## Excerpted data
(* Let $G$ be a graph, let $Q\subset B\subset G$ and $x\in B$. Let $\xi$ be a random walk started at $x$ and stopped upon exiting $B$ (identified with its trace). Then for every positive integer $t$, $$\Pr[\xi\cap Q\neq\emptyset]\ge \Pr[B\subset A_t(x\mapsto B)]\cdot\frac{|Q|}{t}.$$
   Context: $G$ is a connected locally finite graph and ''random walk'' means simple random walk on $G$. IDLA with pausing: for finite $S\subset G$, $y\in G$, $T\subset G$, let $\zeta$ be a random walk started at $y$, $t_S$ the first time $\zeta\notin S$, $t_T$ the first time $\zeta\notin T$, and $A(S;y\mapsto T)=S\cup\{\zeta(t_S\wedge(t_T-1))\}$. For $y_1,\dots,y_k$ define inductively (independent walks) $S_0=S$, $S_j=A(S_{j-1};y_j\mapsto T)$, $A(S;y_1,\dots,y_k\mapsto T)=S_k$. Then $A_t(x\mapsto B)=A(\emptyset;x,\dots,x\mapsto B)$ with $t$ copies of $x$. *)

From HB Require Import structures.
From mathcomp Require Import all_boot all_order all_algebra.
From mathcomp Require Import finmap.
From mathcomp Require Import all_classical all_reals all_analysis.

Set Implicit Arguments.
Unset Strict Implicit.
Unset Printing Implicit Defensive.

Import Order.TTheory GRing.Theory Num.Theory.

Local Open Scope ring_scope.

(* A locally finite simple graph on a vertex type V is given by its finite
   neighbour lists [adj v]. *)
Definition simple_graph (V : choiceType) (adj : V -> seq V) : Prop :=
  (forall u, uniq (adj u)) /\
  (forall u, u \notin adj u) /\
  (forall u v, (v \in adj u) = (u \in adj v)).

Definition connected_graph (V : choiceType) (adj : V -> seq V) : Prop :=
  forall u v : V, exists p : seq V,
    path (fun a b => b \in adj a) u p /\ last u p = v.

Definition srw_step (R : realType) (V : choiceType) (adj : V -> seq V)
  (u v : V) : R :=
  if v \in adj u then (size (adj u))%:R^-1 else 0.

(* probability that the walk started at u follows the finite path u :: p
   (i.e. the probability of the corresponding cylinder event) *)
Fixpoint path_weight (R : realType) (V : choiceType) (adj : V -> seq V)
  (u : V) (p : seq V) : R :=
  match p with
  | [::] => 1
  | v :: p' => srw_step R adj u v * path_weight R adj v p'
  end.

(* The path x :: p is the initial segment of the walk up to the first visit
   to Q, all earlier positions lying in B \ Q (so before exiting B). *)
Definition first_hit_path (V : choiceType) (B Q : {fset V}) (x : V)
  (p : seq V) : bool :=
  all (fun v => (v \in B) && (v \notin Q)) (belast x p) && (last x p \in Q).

* * *

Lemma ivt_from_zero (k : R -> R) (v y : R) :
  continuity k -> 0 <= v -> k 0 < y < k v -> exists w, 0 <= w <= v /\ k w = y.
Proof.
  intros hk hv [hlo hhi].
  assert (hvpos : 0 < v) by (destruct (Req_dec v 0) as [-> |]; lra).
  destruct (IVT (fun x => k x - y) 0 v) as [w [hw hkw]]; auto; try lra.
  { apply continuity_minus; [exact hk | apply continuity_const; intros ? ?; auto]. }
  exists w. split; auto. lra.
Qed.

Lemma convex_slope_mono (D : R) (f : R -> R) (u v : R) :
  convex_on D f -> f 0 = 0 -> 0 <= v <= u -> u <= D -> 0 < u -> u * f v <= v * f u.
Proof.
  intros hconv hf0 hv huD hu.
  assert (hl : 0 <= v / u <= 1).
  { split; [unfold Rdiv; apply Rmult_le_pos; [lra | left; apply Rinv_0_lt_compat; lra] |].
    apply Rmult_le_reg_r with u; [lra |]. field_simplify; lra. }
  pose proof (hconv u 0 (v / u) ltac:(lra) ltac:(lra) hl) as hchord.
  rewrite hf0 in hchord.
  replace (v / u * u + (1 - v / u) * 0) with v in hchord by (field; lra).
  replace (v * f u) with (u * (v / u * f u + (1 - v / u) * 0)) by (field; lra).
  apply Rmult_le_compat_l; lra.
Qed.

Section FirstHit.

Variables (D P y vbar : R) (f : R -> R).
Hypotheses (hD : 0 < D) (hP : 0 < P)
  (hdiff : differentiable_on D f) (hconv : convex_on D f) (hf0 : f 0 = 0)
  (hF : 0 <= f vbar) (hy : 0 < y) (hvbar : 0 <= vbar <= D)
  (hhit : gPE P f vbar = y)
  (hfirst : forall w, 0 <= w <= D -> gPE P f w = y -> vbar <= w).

## Goal of the exercise
Take every line in the preceding listing that contains "subset" and copy it.

## Solution to this problem
(* Let $G$ be a graph, let $Q\subset B\subset G$ and $x\in B$. Let $\xi$ be a random walk started at $x$ and stopped upon exiting $B$ (identified with its trace). Then for every positive integer $t$, $$\Pr[\xi\cap Q\neq\emptyset]\ge \Pr[B\subset A_t(x\mapsto B)]\cdot\frac{|Q|}{t}.$$
   Context: $G$ is a connected locally finite graph and ''random walk'' means simple random walk on $G$. IDLA with pausing: for finite $S\subset G$, $y\in G$, $T\subset G$, let $\zeta$ be a random walk started at $y$, $t_S$ the first time $\zeta\notin S$, $t_T$ the first time $\zeta\notin T$, and $A(S;y\mapsto T)=S\cup\{\zeta(t_S\wedge(t_T-1))\}$. For $y_1,\dots,y_k$ define inductively (independent walks) $S_0=S$, $S_j=A(S_{j-1};y_j\mapsto T)$, $A(S;y_1,\dots,y_k\mapsto T)=S_k$. Then $A_t(x\mapsto B)=A(\emptyset;x,\dots,x\mapsto B)$ with $t$ copies of $x$. *)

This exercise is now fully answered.